**Your assignment:** Quote exactly the lines running from the line with "Set Implicit Arguments." to the end of the entries, including both, and nothing else.

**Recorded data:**
(* Let $\mathbb{K}$ be an infinite field and let $\mathfrak{I}=\langle f_1,\ldots,f_s\rangle\subset\mathbb{K}[x_1,\ldots,x_n]$ be an ideal generated by (possibly non-homogeneous) polynomials. If $(f_1,\ldots,f_s)$ is a regular sequence, then there exists a Zariski open set $U_a\subset\mathrm{GL}(\mathbb{K},n)$ such that for all $g\in U_a$, $E(g\cdot\mathfrak{I})=E(\mathrm{Gin}(\mathfrak{I}^h))$.
   Context: For a polynomial $f$, $f^h$ denotes its homogeneous component of highest degree, and $\mathfrak{I}^h=\langle f_1^h,\ldots,f_s^h\rangle$. The sequence $(f_1,\ldots,f_s)$ is regular if $(f_1^h,\ldots,f_s^h)$ is regular: each $f_{i+1}^h$ is not a zero divisor in $\mathbb{K}[x_1,\ldots,x_n]/\langle f_1^h,\ldots,f_i^h\rangle$. For $g\in\mathrm{GL}(\mathbb{K},n)$, $g\cdot\mathfrak{I}=\{f(g\cdot X): f\in\mathfrak{I}\}$ with $X=[x_1,\ldots,x_n]^t$. DRL is the degree reverse lexicographical ordering with $x_1>\cdots>x_n$; $\mathrm{in}_{drl}(\mathfrak{J})$ is the ideal of DRL leading terms of elements of $\mathfrak{J}$ and $E(\mathfrak{J})$ its minimal set of monomial generators. For a homogeneous ideal $\mathfrak{J}$ over an infinite field there exist a nonempty Zariski open $U\subset\mathrm{GL}(\mathbb{K},n)$ and a monomial ideal $\mathrm{Gin}(\mathfrak{J})$ (the generic initial ideal) with $\mathrm{in}_{drl}(g\cdot\mathfrak{J})=\mathrm{Gin}(\mathfrak{J})$ for all $g\in U$. *)

From HB Require Import structures.
From mathcomp Require Import all_boot all_order all_algebra.
From mathcomp Require Import mpoly.
Set Implicit Arguments. Unset Strict Implicit. Unset Printing Implicit Defensive.
Import Order.TTheory GRing.Theory.
Local Open Scope ring_scope.

Section Defs.
Variables (K : fieldType) (n : nat).

Definition gen_ideal (S : seq {mpoly K[n]}) (p : {mpoly K[n]}) : Prop :=
  exists c : 'I_(size S) -> {mpoly K[n]}, p = \sum_(i < size S) c i * S`_i.

(* f^h : homogeneous component of highest degree (0 for f = 0). *)
Definition hcomp (f : {mpoly K[n]}) : {mpoly K[n]} :=
  pihomog mdeg (msize f).-1 f.

Definition regular_seq (fs : seq {mpoly K[n]}) : Prop :=
  forall i : nat, (i < size fs)%N ->
    forall q : {mpoly K[n]},
      gen_ideal (map hcomp (take i fs)) (q * hcomp (nth 0 fs i)) ->
      gen_ideal (map hcomp (take i fs)) q.

(* g . f = f(g X), X = [x_1..x_n]^t, i.e. x_i |-> sum_j g_ij x_j. *)
Definition act (g : 'M[K]_n) (f : {mpoly K[n]}) : {mpoly K[n]} :=
  f \mPo [tuple \sum_(j < n) g i j *: 'X_j | i < n].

**Completed exercise:**
Set Implicit Arguments. Unset Strict Implicit. Unset Printing Implicit Defensive.
Import Order.TTheory GRing.Theory.
Local Open Scope ring_scope.

Section Defs.
Variables (K : fieldType) (n : nat).

Definition gen_ideal (S : seq {mpoly K[n]}) (p : {mpoly K[n]}) : Prop :=
  exists c : 'I_(size S) -> {mpoly K[n]}, p = \sum_(i < size S) c i * S`_i.

(* f^h : homogeneous component of highest degree (0 for f = 0). *)
Definition hcomp (f : {mpoly K[n]}) : {mpoly K[n]} :=
  pihomog mdeg (msize f).-1 f.

Definition regular_seq (fs : seq {mpoly K[n]}) : Prop :=
  forall i : nat, (i < size fs)%N ->
    forall q : {mpoly K[n]},
      gen_ideal (map hcomp (take i fs)) (q * hcomp (nth 0 fs i)) ->
      gen_ideal (map hcomp (take i fs)) q.

(* g . f = f(g X), X = [x_1..x_n]^t, i.e. x_i |-> sum_j g_ij x_j. *)
Definition act (g : 'M[K]_n) (f : {mpoly K[n]}) : {mpoly K[n]} :=
  f \mPo [tuple \sum_(j < n) g i j *: 'X_j | i < n].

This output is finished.